Also, I found a virtually-identical version to Minsky (1967) -- but words only, no drawings -- on pages 171-172 in Edward Beltrami, What is Random: Chance and Order in Mathematics and Life, Springer-Verlag, NY, 1999. wvbaileyWvbailey 17:11, 30 June 2006 (UTC)

From Minsky (1967)

Undecidability of group presentations

Given two general presentation of a group, the problem of determining if they give the same group is undecidable, in the Godelian sense. Viz there is no algorithm or Turing machine that can systematically explore presentations and determine whether they specify the same group in a finite amount of time (in general -- in any particular case, you just might be able to work it out). This is isomorphic to the halting problem. Do we have an article on this?
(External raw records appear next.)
(* Let $\mathcal{H}=(Q_0,Q_1,\beta)$ be a directed tensor-labeled hypergraph over $\mathbb{R}$ and $k\ge0$. The operator $L_{\le k}:=(\pi_{\le k}\partial_\beta)^*(\pi_{\le k}\partial_\beta)$ on $\mathbb{R}^{Q_1}$ satisfies: (1) $L_{\le k}$ is symmetric positive semi-definite; (2) $\mathrm{Ker}(L_{\le k})=\mathcal{Z}_{\le k}(\mathcal{H})$; (3) $\mathrm{rank}(L_{\le k})=|V_{\mathrm{macro}}|-c_{\mathrm{macro}}-\delta_{\le k}(\mathcal{H})$; (4) if $k\le\ell$ then $L_{\le k}\preceq L_{\le\ell}$ in the Loewner order, and writing the eigenvalues of $L_{\le k}$ in ascending order $0\le\lambda_1^{(k)}\le\cdots\le\lambda_{|Q_1|}^{(k)}$, one has $\lambda_i^{(k)}\le\lambda_i^{(\ell)}$ for all $i$.
   Context: $T(\mathbb{R}^{Q_0})=\bigoplus_{k\ge0}T^k$, $T^k=(\mathbb{R}^{Q_0})^{\otimes k}$, with the inner product making the standard tensor basis orthonormal (distinct degrees orthogonal); $\pi_{\le k}$ is the orthogonal projection onto $\bigoplus_{j\le k}T^j$. $\mathbb{R}^{Q_1}$ has the standard inner product. A directed tensor-labeled hypergraph is $\mathcal{H}=(Q_0,Q_1,\beta)$ ($Q_0,Q_1$ finite) with $\beta:\mathbb{R}^{Q_1}\to T\times T$ linear, $\beta(\mathbf{1}_e)=(A_e,B_e)$; $\partial_\beta:\mathbf{1}_e\mapsto B_e-A_e$; $^*$ denotes adjoint. $\mathcal{Z}_{\le k}(\mathcal{H})=\mathrm{Ker}(\pi_{\le k}\circ\partial_\beta)$. $V_{\mathrm{macro}}=\{A_e\}\cup\{B_e\}$; macrograph on $V_{\mathrm{macro}}$ with edges $Q_1$, $e:A_e\to B_e$, $c_{\mathrm{macro}}$ its number of weakly connected components; $B_{\mathrm{macro}}:\mathbf{1}_e\mapsto\mathbf{1}_{B_e}-\mathbf{1}_{A_e}$; $\hat\phi:\mathbb{R}^{V_{\mathrm{macro}}}\to T(\mathbb{R}^{Q_0})$, $\mathbf{1}_w\mapsto w$; $\delta_{\le k}(\mathcal{H})=\dim(\mathrm{Im}B_{\mathrm{macro}}\cap\mathrm{Ker}(\pi_{\le k}\circ\hat\phi))$. *)

From mathcomp Require Import all_boot all_order all_algebra.
From mathcomp Require Export reals.
Set Implicit Arguments. Unset Strict Implicit. Unset Printing Implicit Defensive.
Import Order.TTheory GRing.Theory Num.Theory.
Local Open Scope ring_scope.

(* Q_0 = 'I_q.  Words over Q_0 of length <= D: a word of length d is a
   d.-tuple of vertices.  These index the standard (orthonormal) tensor basis
   of  \bigoplus_{j <= D} T^j  inside  T(R^{Q_0}). *)
Notation word q D := {d : 'I_D.+1 & (val d).-tuple 'I_q}.
Definition tdim (q D : nat) : nat := #|{: word q D}|.

Definition wdeg (q D : nat) (j : 'I_(tdim q D)) : nat :=
  val (tag (@enum_val (word q D) predT j)).

Section Defs.
Variables (R : realType) (q D m : nat).
(* Q_1 = 'I_m ; beta(1_e) = (A_e, B_e) with A_e = col e A, B_e = col e B. *)
Variables (A B : 'M[R]_(tdim q D, m)).

Definition proj (k : nat) : 'M[R]_(tdim q D) :=
  diag_mx (\row_j ((wdeg j <= k)%N)%:R).

(* matrix of  pi_{<=k} o partial_beta  (partial_beta 1_e = B_e - A_e) *)
Definition pbnd (k : nat) : 'M[R]_(tdim q D, m) := proj k *m (B - A).

(* L_{<=k} = (pi_{<=k} partial)^* (pi_{<=k} partial); adjoint = transpose
   for the standard inner products. *)
Definition Lap (k : nat) : 'M[R]_m := (pbnd k)^T *m pbnd k.

Definition Vmac : seq 'cV[R]_(tdim q D) :=
  undup ([seq col e A | e <- enum 'I_m] ++ [seq col e B | e <- enum 'I_m]).

Definition macro_adj : rel 'I_(size Vmac) := fun i j =>
  [exists e : 'I_m,
     ((index (col e A) Vmac == i) && (index (col e B) Vmac == j))
  || ((index (col e A) Vmac == j) && (index (col e B) Vmac == i))].

Definition c_macro : nat := n_comp macro_adj predT.

Definition Bmac : 'M[R]_(size Vmac, m) :=
  \matrix_(i, e) (((i : nat) == index (col e B) Vmac)%:R
                  - ((i : nat) == index (col e A) Vmac)%:R).

Definition Phimac : 'M[R]_(tdim q D, size Vmac) :=
  \matrix_(j, i) (nth 0 Vmac i) j 0.

(* delta_{<=k} = dim (Im B_macro  cap  Ker (pi_{<=k} o phi_hat)),
   subspaces of R^{V_macro} written as row spaces *)
Definition delta (k : nat) : nat :=
  \rank ((Bmac)^T :&: kermx ((proj k *m Phimac)^T))%MS.
End Defs.
(* Let $\omega_\xi$ be a pure translation-invariant stabilizer state on the spin-$1/2$ chain whose stabilizer generator $W(\xi)$ has length $2n+1$. Then with respect to any bipartite cut of the chain into a left and a right half-chain, $\omega_\xi$ contains exactly $n$ maximally entangled qubit pairs, i.e. $E(\omega_\xi)=\frac{\mathrm{length}(\xi)-1}{2}=n$.
   Context: $\mathcal{P}$ = Laurent polynomials in $u$ over $\mathbb{Z}_2$, $\mathcal{R}$ its palindromes. For $\xi=(\xi_+,\xi_-)\in\mathcal{P}^2$, $W(\xi)=\bigotimes_x W(\xi_+(x),\xi_-(x))$ on the chain $\bigotimes_{x\in\mathbb{Z}}M_2$ (coefficient of $u^x$ at site $x$), with $W(0,0)=\mathbb{1},W(1,0)=\sigma_1,W(0,1)=\sigma_3,W(1,1)=-i\sigma_2$. For $\xi$ reflection invariant ($\xi_\pm\in\mathcal{R}$) with $\gcd(\xi_+,\xi_-)=1$, the pure translation-invariant stabilizer state $\omega_\xi$ is the unique state with $\omega_\xi(A)=1$ for all $A$ in the stabilizer group $\mathcal{S}$ generated by all lattice translates of $W(\xi)$. The length of $\xi$ is the number of sites between the leftmost and rightmost non-identity factor of $W(\xi)$, inclusive (it equals $2\deg\xi+1$, $\deg\xi$ the highest exponent occurring in $\xi_\pm$). For a cut into half-chains $A$ (left) and $B$ (right), $E(\omega_\xi)$, the number of maximally entangled qubit pairs, is the number of pairs $(W(\eta^i),W(\zeta^i))$ of elements of $\mathcal{S}$ supported on both sides of the cut whose restrictions to $A$ anticommute within each pair, commute between different pairs, and commute with every element of $\mathcal{S}$ supported entirely in $A$ (each such pair behaves as a pair $(\sigma_1^A\otimes\sigma_1^B,\sigma_3^A\otimes\sigma_3^B)$ stabilizing a Bell pair), taken maximal. *)

From HB Require Import structures.
From mathcomp Require Import all_boot all_order all_algebra.
Set Implicit Arguments. Unset Strict Implicit. Unset Printing Implicit Defensive.
Import Order.TTheory GRing.Theory Num.Theory.
Local Open Scope ring_scope.

(** Laurent polynomials over Z_2: [Laurent p k] represents u^{-k} * p(u). *)
Record laurent := Laurent { lpoly : {poly 'F_2}; lshift : nat }.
(There is an intuitive way to look at this: for any given presentation, you can try to write out every possible string that it generates; the problem is one of trying to compare all possible strings to determine if the same set was generated. Finitely-presented groups are kind-of-like context-free grammars, so one has a similar problem there: do two different grammars generate the same set of sentences? The CFG article does briefly get into the undecidability issue.) linas 14:48, 25 July 2006 (UTC)

This presentation-of-a-groups-stuff is way too abstract for shlepps such as meself. A google search ... any hits? Modify search until sure of your new article title. Then: BE BOLD and create your own article. Have fun! But always remember us little guys (folk without the capacity for deep abstraction -- when I read the link me eyes rolled back in me little head, yikes! where's the snooze button?  ;-) wvbaileyWvbailey 01:56, 27 July 2006 (UTC)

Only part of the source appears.